First off, think about all of the good things about yourself.
Secondly, remember that you are carrying a life that you will be responsible for for atleast the next 18 years. Not trying to scare you, you should be concious of how EVERY decision you make will effect your child.
Now about your BF, has he always been this way? Were there signs of his behavior there before things got serious, and you didn't see it? Or you didn't want to see it? If he wasn't always this way, then the it could be the stress of having a new child. Maybe he knows the baby will be more important than him and is jelous? He maybe nervous or scard about becoming a father. No matter what the situation is, it is no excuse for him to treat you, the soon to be mother of his child badly. He should have the utmost respect for you, and instead of hurting you or making you feel bad he should be protective of you. A lot of times men want to play, but don't want to pay. He probably doesn't want the responsibitlity.

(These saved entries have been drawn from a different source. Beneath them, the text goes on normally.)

Fixpoint subst (k : nat) (u : term) (t : term) : term :=
  match t with
  | Var n => if Nat.eqb n k then u else if Nat.ltb n k then Var n else Var (pred n)
  | Lam a => Lam (subst (S k) (lift 0 u) a)
  | App a b => App (subst k u a) (subst k u b)
  | Choice a b => Choice (subst k u a) (subst k u b)
  end.

(** Multi-distributions: finite multisets [p_i M_i], represented as lists
    (multiset equality = permutation). *)
Definition mdist := list (R * term).

Definition is_mdist (m : mdist) : Prop :=
  Forall (fun pM => 0 < fst pM <= 1) m /\
  fold_right (fun pM acc => fst pM + acc) 0 m <= 1.

Definition scale (q : R) (m : mdist) : mdist :=
  map (fun pM => (q * fst pM, snd pM)) m.

Definition dirac (M : term) : mdist := [(1, M)].

Inductive beta_full : term -> term -> Prop :=
| bf_redex M V : is_value V -> beta_full (App (Lam M) V) (subst 0 V M)
| bf_appl M M' N : beta_full M M' -> beta_full (App M N) (App M' N)
| bf_appr M N N' : beta_full N N' -> beta_full (App M N) (App M N')
| bf_lam M M' : beta_full M M' -> beta_full (Lam M) (Lam M')
| bf_choicel M M' N : beta_full M M' -> beta_full (Choice M N) (Choice M' N)
| bf_choicer M N N' : beta_full N N' -> beta_full (Choice M N) (Choice M N').

Inductive beta_weak : term -> term -> Prop :=
| bw_redex M V : is_value V -> beta_weak (App (Lam M) V) (subst 0 V M)
| bw_appl M M' N : beta_weak M M' -> beta_weak (App M N) (App M' N)
| bw_appr M N N' : beta_weak N N' -> beta_weak (App M N) (App M N').

(** oplus_step T A B : T = W[M (+) N], A = W[M], B = W[N]. *)
Inductive oplus_step : term -> term -> term -> Prop :=
| os_redex M N : oplus_step (Choice M N) M N
| os_appl T A B P : oplus_step T A B -> oplus_step (App T P) (App A P) (App B P)
| os_appr T A B P : oplus_step T A B -> oplus_step (App P T) (App P A) (App P B).

Definition oplus_md (A B : term) : mdist := [(1/2, A); (1/2, B)].

Inductive step : term -> mdist -> Prop :=
| st_beta M M' : beta_full M M' -> step M (dirac M')
| st_oplus M A B : oplus_step M A B -> step M (oplus_md A B).

Inductive surf_step : term -> mdist -> Prop :=
| ss_beta M M' : beta_weak M M' -> surf_step M (dirac M')
| ss_oplus M A B : oplus_step M A B -> surf_step M (oplus_md A B).

Definition Nnf (M : term) : Prop := forall m, ~ step M m.
Definition surf_normal (M : term) : Prop := forall m, ~ surf_step M m.
Definition weak_normal (M : term) : Prop := forall M', ~ beta_weak M M'.

Inductive stepU : term -> term -> Prop :=
| U_weak M M' : beta_weak M M' -> stepU M M'
| U_lam P P' : weak_normal (Lam P) -> stepU P P' -> stepU (Lam P) (Lam P')
| U_appl P P' Q : weak_normal (App P Q) -> stepU P P' -> stepU (App P Q) (App P' Q)
| U_appr P Q Q' : weak_normal (App P Q) -> stepU Q Q' -> stepU (App P Q) (App P Q')
| U_choicel P P' Q : weak_normal (Choice P Q) -> stepU P P' -> stepU (Choice P Q) (Choice P' Q)
| U_choicer P Q Q' : weak_normal (Choice P Q) -> stepU Q Q' -> stepU (Choice P Q) (Choice P Q').

Inductive stepE : term -> mdist -> Prop :=
| E_surf M m : ~ surf_normal M -> surf_step M m -> stepE M m
| E_U M M' : surf_normal M -> stepU M M' -> stepE M (dirac M').
Lemma lsum_ext {T} (l : list T) F G : (forall t, In t l -> F t = G t) -> lsum l F = lsum l G.
Proof.
  induction l as [|a l IH]; intros E; [reflexivity|]. rewrite !lsum_cons, E, IH; auto.
  - intros; apply E; right; auto.
  - left; auto.
Qed.

Lemma lsum_le {T} (l : list T) F G : (forall t, In t l -> F t <= G t) -> lsum l F <= lsum l G.
Proof.
  induction l as [|a l IH]; intros E; [unfold lsum; cbn; lra|]. rewrite !lsum_cons.
  assert (lsum l F <= lsum l G) by (apply IH; intros; apply E; right; auto).
  specialize (E a (in_eq _ _)). lra.
Qed.

Lemma lsum_plus {T} (l : list T) F G : lsum l (fun t => F t + G t) = lsum l F + lsum l G.
Proof. induction l; [unfold lsum; cbn; lra|]. rewrite !lsum_cons, IHl. lra. Qed.

Lemma lsum_scal {T} (l : list T) c F : lsum l (fun t => c * F t) = c * lsum l F.
Proof. induction l; [unfold lsum; cbn; lra|]. rewrite !lsum_cons, IHl. lra. Qed.

Lemma lsum_nonneg {T} (l : list T) F : (forall t, In t l -> 0 <= F t) -> 0 <= lsum l F.
Proof.
  induction l as [|a l IH]; intros E; [unfold lsum; cbn; lra|]. rewrite lsum_cons.
  pose proof (E a (in_eq _ _)). pose proof (IH (fun t h => E t (in_cons _ _ _ h))). lra.
Qed.

Lemma lsum_pos {T} (l : list T) F t0 :
  (forall t, In t l -> 0 <= F t) -> In t0 l -> 0 < F t0 -> 0 < lsum l F.
Proof.
  induction l as [|a l IH]; intros E Hin Hpos; [destruct Hin|].
  rewrite lsum_cons. destruct Hin as [<-|Hin].
  - pose proof (lsum_nonneg l F (fun t h => E t (in_cons _ _ _ h))). lra.
  - pose proof (E a (in_eq _ _)). pose proof (IH (fun t h => E t (in_cons _ _ _ h)) Hin Hpos). lra.
Qed.

Lemma lsum_pos_witness {T} (l : list T) F : 0 < lsum l F -> exists t, In t l /\ 0 < F t.
Proof.
  induction l as [|a l IH]; intros Hpos; [rewrite lsum_nil in Hpos; lra|].
  rewrite lsum_cons in Hpos. destruct (Rlt_le_dec 0 (F a)) as [Ha|Ha].
  - exists a; split; [left|]; auto.
  - destruct IH as [t [Ht Hft]]; [lra|]. exists t; split; [right|]; auto.
Qed.

Lemma lsum_repeat {T} (a : T) k F : lsum (repeat a k) F = INR k * F a.
Proof. induction k; [unfold lsum; cbn; lra|]. cbn [repeat]. rewrite lsum_cons, IHk, S_INR. lra. Qed.

Lemma lsum_concat {T} (ls : list (list T)) F : lsum (concat ls) F = lsum ls (fun l => lsum l F).
Proof. induction ls; [reflexivity|]. cbn [concat]. rewrite lsum_app, lsum_cons, IHls. reflexivity. Qed.

Lemma lsum_perm {T} (l1 l2 : list T) F : Permutation l1 l2 -> lsum l1 F = lsum l2 F.
Proof. induction 1; rewrite ?lsum_cons; try lra. Qed.

Lemma INR_length_lsum {T} (l : list T) : INR (length l) = lsum l (fun _ => 1).
Proof. induction l; [reflexivity|]. cbn [length]. rewrite S_INR, lsum_cons, IHl. ring. Qed.

Lemma sumR_ext n f g : (forall i, (i < n)%nat -> f i = g i) -> sumR n f = sumR n g.
Proof. induction n; cbn; intros E; auto. rewrite IHn, E; auto. Qed.

Lemma sumR_le n f g : (forall i, (i < n)%nat -> f i <= g i) -> sumR n f <= sumR n g.
Proof. induction n; cbn; intros E; [lra|].
  assert (sumR n f <= sumR n g) by (apply IHn; auto). specialize (E n (Nat.lt_succ_diag_r n)). lra. Qed.

Lemma sumR_plus n f g : sumR n (fun i => f i + g i) = sumR n f + sumR n g.
Proof. induction n; cbn; [lra|]. rewrite IHn; lra. Qed.

Lemma sumR_scal n c f : sumR n (fun i => c * f i) = c * sumR n f.
Proof. induction n; cbn; [lra|]. rewrite IHn; lra. Qed.

Lemma sumR_opp n f : sumR n (fun i => - f i) = - sumR n f.
Proof. induction n; cbn; [lra|]. rewrite IHn; lra. Qed.

Lemma sumR_const n c : sumR n (fun _ => c) = INR n * c.
Proof. induction n; cbn [sumR]; [simpl; lra|]. rewrite IHn, S_INR; lra. Qed.

Lemma sumR_nonneg n f : (forall i, (i < n)%nat -> 0 <= f i) -> 0 <= sumR n f.
Proof. intros E. rewrite <- (Rmult_0_r (INR n)), <- sumR_const. apply sumR_le; auto. Qed.

Lemma sumR_indicator k M c : (k < M)%nat -> sumR M (fun j => if Nat.eqb k j then c else 0) = c.
Proof.
  induction M; intros Hk; [lia|]. cbn [sumR]. destruct (Nat.eqb_spec k M) as [->|Hne].
  - rewrite (sumR_ext _ _ (fun _ => 0)), sumR_const; [ring|].
    intros i Hi. destruct (Nat.eqb_spec M i); [lia|auto].
  - rewrite IHM by lia. ring.
Qed.

Lemma lsum_sumR {T} (l : list T) n (G : T -> nat -> R) :
  lsum l (fun t => sumR n (G t)) = sumR n (fun i => lsum l (fun t => G t i)).
Proof.
  induction l; [cbn; rewrite sumR_const; lra|].
  rewrite lsum_cons, IHl, <- sumR_plus. reflexivity.
Qed.

Lemma lsum_seq M F : lsum (seq 0 M) F = sumR M F.
Proof. induction M; [reflexivity|]. rewrite seq_S, lsum_app, IHM. cbn. lra. Qed.

Lemma lsum_nth {T} (l : list T) d F : lsum l F = sumR (length l) (fun j => F (nth j l d)).
Proof.
  assert (shift : forall k (G : nat -> R), sumR (S k) G = G 0%nat + sumR k (fun j => G (S j))).
  { induction k; intros; cbn in *; [lra|]. rewrite IHk. cbn. lra. }
  induction l; [reflexivity|]. cbn [length]. rewrite lsum_cons, IHl, shift. reflexivity.
Qed.

Lemma lsum_partition {T} (l : list T) (key : T -> nat) M F : (forall t, In t l -> (key t < M)%nat) ->
  sumR M (fun j => lsum (filter (fun t => Nat.eqb (key t) j) l) F) = lsum l F.
Proof.
  induction l as [|a l IH]; intros Hl.
  - rewrite (sumR_ext _ _ (fun _ => 0)), sumR_const by reflexivity. rewrite lsum_nil; ring.
  - rewrite lsum_cons, <- IH by (intros; apply Hl; right; auto).
    rewrite (sumR_ext _ _ (fun j => (if Nat.eqb (key a) j then F a else 0)
                                   + lsum (filter (fun t => Nat.eqb (key t) j) l) F)).
    + rewrite sumR_plus, sumR_indicator; auto. apply Hl; left; auto.
    + intros i _. cbn [filter]. destruct (Nat.eqb (key a) i); [rewrite lsum_cons|]; ring.
Qed.

Lemma lsum_concat_repeat {T} M (g : nat -> T) (m : nat -> nat) (F : T -> R) :
  lsum (concat (map (fun j => repeat (g j) (m j)) (seq 0 M))) F = sumR M (fun j => INR (m j) * F (g j)).
Proof. rewrite lsum_concat, lsum_map, lsum_seq. apply sumR_ext. intros. apply lsum_repeat. Qed.

Lemma Forall2_repeat {T U} (P : T -> U -> Prop) l u k : Forall2 P l (repeat u k) ->
  length l = k /\ forall t, In t l -> P t u.
Proof.
  revert l; induction k as [|k IH]; intros l Hl; inversion Hl as [|t0 ? l' ? Ht0 Hl']; subst;
    [split; auto; intros _ []|].
  destruct (IH _ Hl') as [Hlen Hall]. split; [cbn; auto|]. intros t [<-|Ht]; auto.
Qed.

Lemma Forall2_in_l {T U} (P : T -> U -> Prop) l1 l2 t : Forall2 P l1 l2 -> In t l1 ->
  exists u, In u l2 /\ P t u.
Proof.
  induction 1 as [|a b l1 l2 Hab _ IH]; intros Ht; [destruct Ht|].
  destruct Ht as [<-|Ht]; [exists b; split; [left|]; auto|].
  destruct (IH Ht) as [u [Hu Htu]]. exists u; split; [right|]; auto.
Qed.

Lemma Forall2_nth {T U} (P : T -> U -> Prop) l1 l2 d1 d2 : Forall2 P l1 l2 ->
  forall i, (i < length l2)%nat -> P (nth i l1 d1) (nth i l2 d2).
Proof. induction 1; cbn; intros i Hi; [lia|]. destruct i; auto. apply IHForall2; lia. Qed.

(** * Empirical quadratic forms *)

Section Empirical.
Variable n : nat.
Variables x x' : nat -> vec.

Definition emp_sq (u : vec -> R) := / INR n * sumR n (fun i => u (x i) ^ 2 + u (x' i) ^ 2).
Definition emp_l1 (u : vec -> R) := / INR n * sumR n (fun i => Rabs (u (x i)) + Rabs (u (x' i))).
Definition emp_lin (a b : nat -> R) (u : vec -> R) :=
  / INR n * sumR n (fun i => a i * u (x i) + b i * u (x' i)).
(* For [c i = f (x i) - y i] and [u = g - f], [psi c u] is the excess risk of [g] before truncation. *)
Definition psi (c : nat -> R) (u : vec -> R) :=
  / INR n * sumR n (fun i => u (x i) ^ 2 + u (x' i) ^ 2 + 2 * u (x i) * c i).

Lemma emp_sq_ext u w : (forall z, u z = w z) -> emp_sq u = emp_sq w.
Proof. intros E. unfold emp_sq. f_equal. apply sumR_ext; intros; rewrite !E; auto. Qed.

Lemma psi_ext c u w : (forall z, u z = w z) -> psi c u = psi c w.
Proof. intros E. unfold psi. f_equal. apply sumR_ext; intros; rewrite !E; auto. Qed.

Lemma emp_l1_ext u w : (forall z, u z = w z) -> emp_l1 u = emp_l1 w.
Proof. intros E. unfold emp_l1. f_equal. apply sumR_ext; intros; rewrite !E; auto. Qed.

Lemma psi_add c h u : psi c (fun z => h z + u z) =
  psi c h + emp_lin (fun i => 2 * h (x i) + 2 * c i) (fun i => 2 * h (x' i)) u + emp_sq u.
Proof. unfold psi, emp_lin, emp_sq. rewrite <- !Rmult_plus_distr_l, <- !sumR_plus.
  f_equal. apply sumR_ext; intros; ring. Qed.

Lemma emp_sq_add u w : emp_sq (fun z => u z + w z) =
  emp_sq u + emp_lin (fun i => 2 * w (x i)) (fun i => 2 * w (x' i)) u + emp_sq w.
Proof. unfold emp_lin, emp_sq. rewrite <- !Rmult_plus_distr_l, <- !sumR_plus.
  f_equal. apply sumR_ext; intros; ring. Qed.

Lemma emp_sq_scal s u : emp_sq (fun z => s * u z) = s ^ 2 * emp_sq u.
Proof. unfold emp_sq.
  rewrite (sumR_ext _ _ (fun i => s ^ 2 * (u (x i) ^ 2 + u (x' i) ^ 2))), sumR_scal by (intros; ring).
  ring. Qed.

Lemma psi_eq c u : psi c u = emp_sq u + / INR n * sumR n (fun i => 2 * u (x i) * c i).
Proof. unfold psi, emp_sq. rewrite <- Rmult_plus_distr_l, <- sumR_plus. reflexivity. Qed.

Lemma psi_scal c s u : psi c (fun z => s * u z) = s ^ 2 * emp_sq u + s * (psi c u - emp_sq u).
Proof.
  rewrite !psi_eq, emp_sq_scal.
  rewrite (sumR_ext _ _ (fun i => s * (2 * u (x i) * c i))), sumR_scal by (intros; ring). ring.
Qed.

Lemma psi_zero u : psi (fun _ => 0) u = emp_sq u.
Proof. unfold psi, emp_sq. f_equal. apply sumR_ext; intros; ring. Qed.
(* Let $\mathbf{D}$ be a dagger kernel category. Then its dagger Karoubi envelope $\mathrm{Kar}_\dagger(\mathbf{D})$ is again a dagger kernel category. Explicitly, a zero object is $(0,\mathrm{id}_0)$, and for a morphism $f:(X,s)\to(Y,t)$ of $\mathrm{Kar}_\dagger(\mathbf{D})$, if $k:K\to X$ is the dagger kernel of $f$ in $\mathbf{D}$ and $s'=k^\dagger\circ s\circ k$ (the unique map with $k\circ s'=s\circ k$), then $s'$ is a self-adjoint idempotent on $K$ and $s\circ k:(K,s')\to(X,s)$ is a dagger kernel of $f$ in $\mathrm{Kar}_\dagger(\mathbf{D})$. Moreover the embedding $\mathcal{I}:\mathbf{D}\to\mathrm{Kar}_\dagger(\mathbf{D})$, $X\mapsto(X,\mathrm{id}_X)$, $f\mapsto f$, preserves the dagger, the zero object and kernels.
   Context: A dagger category is a category $\mathbf{D}$ with a contravariant functor $\dagger$ that is the identity on objects and satisfies $f^{\dagger\dagger}=f$. A dagger mono is a morphism $k$ with $k^\dagger\circ k=\mathrm{id}$. A dagger kernel category is a dagger category with a zero object $0$ (yielding zero morphisms $X\to 0\to Y$) in which every morphism has a kernel that is a dagger mono. A self-adjoint idempotent is an endomorphism $s$ with $s^\dagger=s=s\circ s$. The dagger Karoubi envelope $\mathrm{Kar}_\dagger(\mathbf{D})$ has as objects pairs $(X,s)$ with $s$ a self-adjoint idempotent on $X$; a morphism $(X,s)\to(Y,t)$ is a morphism $f:X\to Y$ of $\mathbf{D}$ with $f\circ s=f=t\circ f$; composition is as in $\mathbf{D}$, the identity on $(X,s)$ is $s$, and the dagger is that of $\mathbf{D}$. *)

From Stdlib Require Import ProofIrrelevance.

Set Implicit Arguments.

You definately deserve better, and so does your little one. Stress could cause you to have a miscarriage and several other complications during your pregnancy, you don't need to be stressed. If it will be better for you and your baby to leave, then do it.
If you just don't want to leave (which I think might be best) try and talk with him. See if you can get him to open up. If he shuts you out, or says he will change and doesn't, it's a sure sign it's not going to work. That means that things may only get worse.
You can't be in a relationship by yourself, if he wont' try he's not worth your time. If you still don't want to leave him permantly leave for a while. Maybe being lonely or having you away will show him what he could lose. Also remember you can't force anyone to love you. Remember to love yourself, and remember your baby will love you no matter what. I will pray for you, and I hope this helps.